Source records
Lemma lifts_raise A B B' : lifts A B -> B' \in raise B -> lifts A B' /\ A != B'.
Proof.
move=> AB /raiseP [i Bi ->]; have Ai := lifts_lo_pat AB Bi.
have [eA eB] := setD_raise Ai Bi; move: AB Ai Bi.
rewrite /lifts eA eB /pattern => /and3P [AB_low BA_high /eqP card_BA] [lA h1A h2A] [lB h1B h2B].
split; last by apply/eqP => /setP /(_ (low i)); rewrite lA inE eqxx.
have i_lt := ltn_ord i.
rewrite !subUset !sub1set AB_low BA_high !inE /= !cardsU1 !inE card_BA.
rewrite (negbTE (high1_neq_high2 _ _)) h1A h2A h1B h2B lA lB i_lt /=.
by rewrite leq_addr leqW ?leq_addr //=; apply/eqP; lia.
Qed.

Lemma card_switchable : #|[set p | switchable p]| = 2.
Proof.
rewrite (_ : [set p | switchable p] = [set lo_pat; hi_pat]) ?cards2 //.
by apply/setP => -[[a b] c]; rewrite !inE.
Qed.

Lemma card_unswitchable : #|[set p | ~~ switchable p]| = 6.
Proof.
have e : ~: [set p | switchable p] = [set p | ~~ switchable p] by apply/setP => p; rewrite !inE.
by have := cardsC [set p | switchable p]; rewrite e card_switchable !card_prod !card_bool; lia.
Qed.

Lemma card_unswitchable_idx A : #|[set i | ~~ switchable (pattern A i)]| = m - #|switch_idx A|.
Proof.
have e : ~: switch_idx A = [set i | ~~ switchable (pattern A i)] by apply/setP => i; rewrite !inE.
by have := cardsC (switch_idx A); rewrite e card_ord; lia.
Qed.

Definition moves A (P Q : pred (bool * bool * bool)) :=
  [set x : 'I_m * (bool * bool * bool) | P (pattern A x.1) && Q x.2].

Lemma card_moves A P Q : #|moves A P Q| = #|[set i | P (pattern A i)]| * #|[set p | Q p]|.
Proof. by rewrite -cardsX; apply: eq_card => -[i p]; rewrite !inE. Qed.

Lemma card_repattern_moves A (P Q : pred (bool * bool * bool)) :
  (forall p, P p -> ~~ Q p) ->
  #|[set repattern A x.1 x.2 | x in moves A P Q]| = #|moves A P Q|.
Proof.
move=> PQ; apply: card_in_imset => -[i p] [j q]; rewrite !inE /= => /andP [Pi Qp] _ E.
have pA : p != pattern A i by apply: contraTneq Qp => ->; exact: PQ.
by have [-> ->] := repattern_inj E pA.
Qed.

Definition grow A := [set repattern A x.1 x.2 | x in moves A [pred p | ~~ switchable p] switchable].

Lemma grow_switch_class M A B : A \in switch_class M -> B \in grow A -> B \in switch_class M.+1.
Proof.
rewrite !inE => /eqP <- /imsetP [[i p]]; rewrite inE /= => /andP [Ai sp] ->.
by rewrite /switch_idx pattern_set_repattern sp cardsU1 inE Ai.
Qed.

Lemma card_grow A : #|grow A| = (m - #|switch_idx A|) * 2.
Proof.
by rewrite card_repattern_moves ?card_moves ?card_unswitchable_idx ?card_switchable.
Qed.

Lemma card_shrink M B : B \in switch_class M.+1 ->
  #|[set A in switch_class M | B \in grow A]| = M.+1 * 6.
Proof.
rewrite inE => /eqP BM.
have -> : [set A in switch_class M | B \in grow A] =
    [set repattern B x.1 x.2 | x in moves B switchable [pred p | ~~ switchable p]].
  apply/setP => A; rewrite inE; apply/andP/imsetP => [[_ /imsetP [[i p]]]|[[i q]]].
    rewrite inE /= => /andP [Ai sp] ->.
    exists (i, pattern A i); last by rewrite /= repattern_repattern repattern_id.
    by rewrite inE /= pattern_repattern sp.
  rewrite inE /= => /andP [Bi nq] ->; split.
    rewrite inE /switch_idx pattern_set_repattern (negbTE nq) (cardsD1 i) inE Bi in BM *.
    by apply/eqP; move: BM; rewrite add1n => -[].
  apply/imsetP; exists (i, pattern B i); last by rewrite /= repattern_repattern repattern_id.
  by rewrite inE /= pattern_repattern nq.
by rewrite card_repattern_moves ?card_moves ?card_unswitchable -?BM // => p /= ->.
Qed.

Lemma card_switch_idx_le A : #|switch_idx A| <= m.
Proof. by have := max_card (switch_idx A); rewrite card_ord. Qed.

(* A triple is switchable in 2 of its 8 patterns: class sizes are binomial with parameter 1/4. *)
Lemma card_switch_class_rec M :
  #|switch_class M| * (m - M) = #|switch_class M.+1| * (3 * M.+1).
Proof.
have : #|switch_class M| * ((m - M) * 2) = #|switch_class M.+1| * (M.+1 * 6).
  apply: double_count_eq => [A AM|A|B]; last exact: card_shrink.
  - by apply/subsetP => B; apply: grow_switch_class.
  - by rewrite inE => /eqP <-; apply: card_grow.
by move: (m - M) #|switch_class M| #|switch_class M.+1| => d a b; lia.
Qed.

Lemma sum_card_switch_class : \sum_(M < m.+1) #|switch_class M| = 2 ^ n.
Proof.
rewrite -[n in 2 ^ n]card_ord -cardsT -card_powerset powersetT.
rewrite (@card_by_level _ _ (fun A => #|switch_idx A|) m) => [|A _].
  by apply: eq_bigr => M _; apply: eq_card => A; rewrite !inE.
exact: card_switch_idx_le.
Qed.

Lemma card_split_switch_class (F : {set {set 'I_n}}) :
  #|F| = \sum_(M < m.+1) #|F :&: switch_class M|.
Proof.
rewrite (@card_by_level _ F (fun A => #|switch_idx A|) m) => [|A _].
  by apply: eq_bigr => M _; apply: eq_card => A; rewrite !inE.
exact: card_switch_idx_le.
Qed.

Lemma switch_class_overflow : switch_class m.+1 = set0.
Proof.
by apply/setP => A; rewrite !inE; apply/negbTE; rewrite neq_ltn ltnS card_switch_idx_le.
Qed.

Lemma card_free_switch_class (F : {set {set 'I_n}}) M : free_family F ->
  #|F :&: switch_class M| * 2 ^ M <= 'C(M, M./2) * #|switch_class M|.
Proof.
move=> F_free; apply: (@lym_regular _ _ (fun A => #|hi_idx A|) M raise lifts).
- by move=> A; rewrite inE => /eqP <-; rewrite card_switch_idx leq_addl.
- exact: raise_switch_class.
- exact: card_raise.
- exact: card_lower.
- exact: lifts_refl.
- exact: lifts_raise.
- exact: subsetIr.
move=> A B; rewrite !inE => /andP [AF _] /andP [BF _] /and3P [AB_low BA_high /eqP card_BA].
apply/eqP/negPn/negP => AB; apply: (F_free A B AF BF); split=> //; split=> // a b aA bB.
by have := subsetP AB_low a aA; have := subsetP BA_high b bB; rewrite !inE; lia.
Qed.

End Triples.

Section RealBounds.
Local Open Scope R_scope.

What you have to do →
Answer with one number only, the count of lines in the entries above that hold the string "last".

Solution →
4